(Dataset entries)

Section BirkhoffOperators.
Variables (R : realType) (n : nat).
Implicit Types (X Y H : 'M[R]_n) (y : 'cV[R]_(n + n)).

Fact Bop_is_linear : linear (@Bop R n).
Proof.
move=> a X Y.
by rewrite /Bop linearD linearZ /= !mulmxDl -!scalemxAl scale_col_mx add_col_mx.
Qed.
HB.instance Definition _ := GRing.isLinear.Build R 'M[R]_n 'cV[R]_(n + n) _ (@Bop R n)
  Bop_is_linear.

Fact Badj_is_linear : linear (@Badj R n).
Proof. by move=> a y z; rewrite /Badj !linearD !linearZ /= mulmxDl -scalemxAl addrACA. Qed.
HB.instance Definition _ := GRing.isLinear.Build R 'cV[R]_(n + n) 'M[R]_n _ (@Badj R n)
  Badj_is_linear.

Lemma Badj_adjoint y X : mdot (Badj y) X = mdot y (Bop X).
Proof.
have row_sums : mdot (usubmx y *m const_mx 1) X = mdot (usubmx y) (X *m const_mx 1).
  by rewrite mdot_mulmxl trmx_const.
have col_sums : mdot (const_mx 1 *m (dsubmx y)^T) X = mdot (dsubmx y) (X^T *m const_mx 1).
  rewrite mdotC mdot_mulmxr -[_ *m X]trmxK mdot_tr.
  by rewrite trmx_mul trmxK mdotC.
by rewrite /Badj mdotDl row_sums col_sums -[in RHS](vsubmxK y) mdot_col_mx.
Qed.

Definition zero_pattern Y : 'M[R]_n := \matrix_(i, j) (if Y i j == 0 then 1 else 0).
Definition supp_restrict Y H : 'M[R]_n := H - hadamard (zero_pattern Y) H.

Lemma supp_restrictE Y H :
  supp_restrict Y H = \matrix_(i, j) (if Y i j == 0 then 0 else H i j).
Proof.
by apply/matrixP => i j; rewrite !mxE; case: eqP => _; rewrite ?mul1r ?mul0r ?subrr ?subr0.
Qed.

▸ Task statement
What are the lines above, starting at the one with "Badj_is_linear." and ending at the one with "by rewrite mdot_mulmxl trmx_const."? Give them again exactly, and only them.

▸ Task result
  Badj_is_linear.

Lemma Badj_adjoint y X : mdot (Badj y) X = mdot y (Bop X).
Proof.
have row_sums : mdot (usubmx y *m const_mx 1) X = mdot (usubmx y) (X *m const_mx 1).
  by rewrite mdot_mulmxl trmx_const.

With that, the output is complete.